Take the case a = (1, 2, 3). I think what is going on is that the compiler generates the tuple (1, 2, 3) at compile time (because it can't vary).

Consider this function:

x = 0
def cb(_):
    global x, y
    y = (x,2,3)
    x += 1

This does allocate because each time the function is called a new tuple has to be created. I think this applies to a number of your non-allocating examples: the compiler creates constants where it can.

Yes, I agree that's what's going on there, and similarly with t = 3.4 - although floats are heap allocated, this is a define-time constant so it is heap allocated when the function is defined not when it is run.

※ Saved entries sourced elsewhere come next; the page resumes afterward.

Lemma prod_from_ge a len :
  (IZR (x 1) - beta * IZR (x 0)) ^ len * alpha ^ list_sum (seq a len)
  <= IZR (prod_from x (S (S a)) len).
Proof.
  set (c := IZR (x 1) - beta * IZR (x 0)).
  replace (c ^ len * alpha ^ list_sum (seq a len))
    with (fold_right Rmult 1 (map (fun i => c * alpha ^ i) (seq a len)))
    by now rewrite Rprod_geometric, length_seq.
  assert (c_pos : 0 < c).
  { pose proof (IZR_lt _ _ x0_pos). pose proof (IZR_lt _ _ x1_pos). unfold c. nra. }
  rewrite !prod_from_shift, IZR_prod_from. apply Rprod_le. intros j _.
  split; [|apply rec_ge_pow].
  apply Rmult_le_pos; [lra | apply pow_le; lra].
Qed.

Lemma lcm_from_lower_bound (PQ_coprime : Z.gcd P Q = 1%Z) (x1Q_coprime : Z.gcd (x 1) Q = 1%Z)
  a k :
  (IZR (x 1) - beta * IZR (x 0)) ^ S k * alpha ^ list_sum (seq a (S k))
  <= IZR (Z.gcd (x 0) (x 1)) ^ k * alpha ^ list_sum (seq 0 k)
     * IZR (lcm_from x (S (S a)) (S k)).
Proof.
  assert (g_pos := gcd_pos_r (x 0) (x 1) x1_pos).
  set (g := Z.gcd (x 0) (x 1)) in *.
  set (N := prod_from (fun j => g * lucasU P Q (S j))%Z 0 k).
  set (L := lcm_from x (S (S a)) (S k)).
  assert (hdiv : (prod_from x (S (S a)) (S k) | N * L)%Z).
  { apply prod_divide_lcm. intros b j. now apply gcd_divide_lucasU. }
  assert (N_pos : (0 < N)%Z).
  { apply prod_from_pos. intro j. apply Z.mul_pos_pos; [exact g_pos | apply lucasU_pos]. }
  assert (L_pos : (0 < L)%Z) by (apply lcm_from_pos, x_pos).
  apply Z.divide_pos_le in hdiv; [|now apply Z.mul_pos_pos].
  apply IZR_le in hdiv. rewrite mult_IZR in hdiv.
  apply (Rle_trans _ _ _ (prod_from_ge a (S k))), (Rle_trans _ _ _ hdiv).
  apply Rmult_le_compat_r; [apply IZR_le; lia|].
  apply prod_lucasU_le. lia.
Qed.

End RealBounds.

Lemma char_roots_spec (P Q : Z) (alpha beta : R) :
  (0 < P)%Z -> (Q < 0)%Z ->
  (forall x, x ^ 2 - IZR P * x + IZR Q = (x - alpha) * (x - beta)) ->
  Rabs beta <= Rabs alpha ->
  IZR P = alpha + beta /\ IZR Q = alpha * beta /\ beta < 0 /\ 1 - beta <= alpha.
Proof.
  intros hP hQ hroots habs.
  assert (P_ge1 : 1 <= IZR P) by (apply IZR_le; lia). apply IZR_lt in hQ.
  assert (Q_prod : IZR Q = alpha * beta) by (specialize (hroots 0); simpl in hroots; lra).
  assert (P_sum : IZR P = alpha + beta)
    by (specialize (hroots 1); rewrite Q_prod in hroots; simpl in hroots; lra).
  assert (beta_neg : beta < 0).
  { destruct (Rlt_or_le beta 0) as [|beta_nonneg]; [assumption|].
    assert (alpha < 0) by nra.
    rewrite (Rabs_right beta), (Rabs_left alpha) in habs by lra. lra. }
  repeat split; try assumption. lra.
Qed.

Lemma list_sum_seq a len : (2 * list_sum (seq a len) + len = len * (2 * a + len))%nat.
Proof.
  revert a. induction len as [|len IH]; intro a; [reflexivity|].
  change (list_sum (seq a (S len))) with (a + list_sum (seq (S a) len))%nat.
  specialize (IH (S a)). nia.
Qed.

Lemma lcm_window n m :
  (2 <= n)%nat -> (1 <= m)%nat -> (m <= (n + 1) / 2 + 1)%nat ->
  exists a k, (m <= S (S a))%nat /\ (S (S a) + S k = S n)%nat /\
    (INR n - 1) / 2 <= INR (S k) /\
    INR n ^ 2 / 4 - INR n / 2 - 7 / 4 + INR (list_sum (seq 0 k))
      <= INR (list_sum (seq a (S k))).
Proof.
  intros hn hm1 hm2.
  enough (exists a k, (m <= S (S a))%nat /\ (S (S a) + S k = S n)%nat /\
    (n <= 2 * k + 3)%nat /\
    (n * n + 4 * list_sum (seq 0 k) <= 4 * list_sum (seq a (S k)) + 2 * n + 7)%nat)
    as (a & k & ham & hlen & hk & hexp).
  { exists a, k. split; [exact ham|]. split; [exact hlen|].
    set (E := list_sum (seq a (S k))) in *. set (F := list_sum (seq 0 k)) in *.
    apply le_INR in hk, hexp. rewrite S_INR.
    rewrite plus_INR, mult_INR in hk. rewrite !plus_INR, !mult_INR in hexp.
    simpl INR in hk, hexp. split; lra. }
  pose proof (Nat.div_mod_eq (n + 1) 2). pose proof (Nat.mod_upper_bound (n + 1) 2).
  destruct (Nat.Even_or_Odd n) as [[[|j] ->] | [[|j] ->]]; try lia.
  - exists j, j.
    pose proof (list_sum_seq j (S j)). pose proof (list_sum_seq 0 j).
    repeat split; lia || nia.
  - exists (S j), j.
    pose proof (list_sum_seq (S j) (S j)). pose proof (list_sum_seq 0 j).
    repeat split; lia || nia.
Qed.

Lemma Rpower_scaled_bound (G c alpha L s e : R) (k E F : nat) :
  0 < G <= c -> 1 <= alpha -> s <= INR (S k) -> e + INR F <= INR E ->
  c ^ S k * alpha ^ E <= G ^ k * alpha ^ F * L ->
  G * Rpower (c / G) s * Rpower alpha e <= L.
Proof.
  intros [G_pos G_le_c] alpha_ge1 hs he hbound.
  set (x := c / G).
  assert (x_ge1 : 1 <= x).
  { apply Rmult_le_reg_r with G; [lra|].
    unfold x, Rdiv. rewrite Rmult_assoc, Rinv_l; lra. }
  assert (hx : Rpower x s <= x ^ S k)
    by (rewrite <- Rpower_pow by lra; now apply Rle_Rpower).
  assert (ha : Rpower alpha e * alpha ^ F <= alpha ^ E)
    by (rewrite <- !Rpower_pow, <- Rpower_plus by lra; now apply Rle_Rpower).
  assert (hc : c = G * x) by (unfold x; field; lra).
  assert (GkaF_pos : 0 < G ^ k * alpha ^ F) by (apply Rmult_lt_0_compat; apply pow_lt; lra).
  apply Rmult_le_reg_r with (G ^ k * alpha ^ F); [exact GkaF_pos|].
  apply Rle_trans with (G ^ S k * x ^ S k * alpha ^ E).
  - replace (G * Rpower x s * Rpower alpha e * (G ^ k * alpha ^ F))
      with (G ^ S k * Rpower x s * (Rpower alpha e * alpha ^ F)) by (simpl; ring).
    assert (0 < G ^ S k) by (apply pow_lt; lra).
    assert (0 < Rpower x s) by apply exp_pos.
    assert (0 < Rpower alpha e * alpha ^ F)
      by (apply Rmult_lt_0_compat; [apply exp_pos | apply pow_lt; lra]).
    apply Rmult_le_compat; [nra | lra | | exact ha].
    apply Rmult_le_compat_l; [lra | exact hx].
  - rewrite <- Rpow_mult_distr, <- hc. lra.
Qed.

x = 1; y = 2; a = x, y allocates, but interestingly x = 1; y = 2; a, b = x, y doesn't, so the 'pack and unpack' pattern is optimised to avoid a throwaway allocation. (It's still quite a bit slower to do a, b = x, y than a = x; b = y, though, even though it doesn't allocate on the heap.)

for i in range(n): print(i) also doesn't allocate even when n isn't constant, which is surprising but pleasing.

(Or is the nested function compiled/byte-compiled just once, and the measured allocation and performance difference just the creation of a lightweight closure structure to hold the captured variables?)

Hmm, I think the runtime figures might confirm this idea, having done a bit of experimenting.

foo() defined as

def foo():
  def bar():
    return 0
  return bar()

runs about 1000 cycles slower than

def bar():
  return 0
def foo():
  return bar()

But foo() defined as

def foo():
  def bar():
    x = 0
    x = x + 1
    [... 1000s more increment lines ...]
    x = x + 1
    return x
  return bar()

is also only about 1000 cycles slower than

def bar():
  x = 0
  x = x + 1
  [... 1000s more increment lines ...]
  x = x + 1
  return x
def foo():
  return bar()

Thus it seems to be a constant-time difference not a difference proportional to code length, which implies some kind of environment/closure allocation, not a runtime code generation. That's a relief - python without nested functions would be pretty clunky.

The following allocates (fails with a memory error):

from pyb import Timer

x = 0
def cb(_):
    global x
    def foo(y):
        return y + 1
    x = foo(x)
    print(x)

cb(0)  # Initial call runs OK
t = Timer(1, freq=1, callback=cb)  # but fails first time it's called in a hard ISR context

Much as I like nested functions and closures, I've never tried creating one in a hard ISR context. Very educational. Obviously the callback runs if I move foo() into the global namespace.

One trick you may be unaware of: you can get a bytecode listing of your code with

$ micropython -v -v my_code.py

where micropython is the Unix build of MP.

Testing for allocation in a repeated hard ISR callback ensures that you can't be led astray by the compiler's useful habit of pre-compiling objects.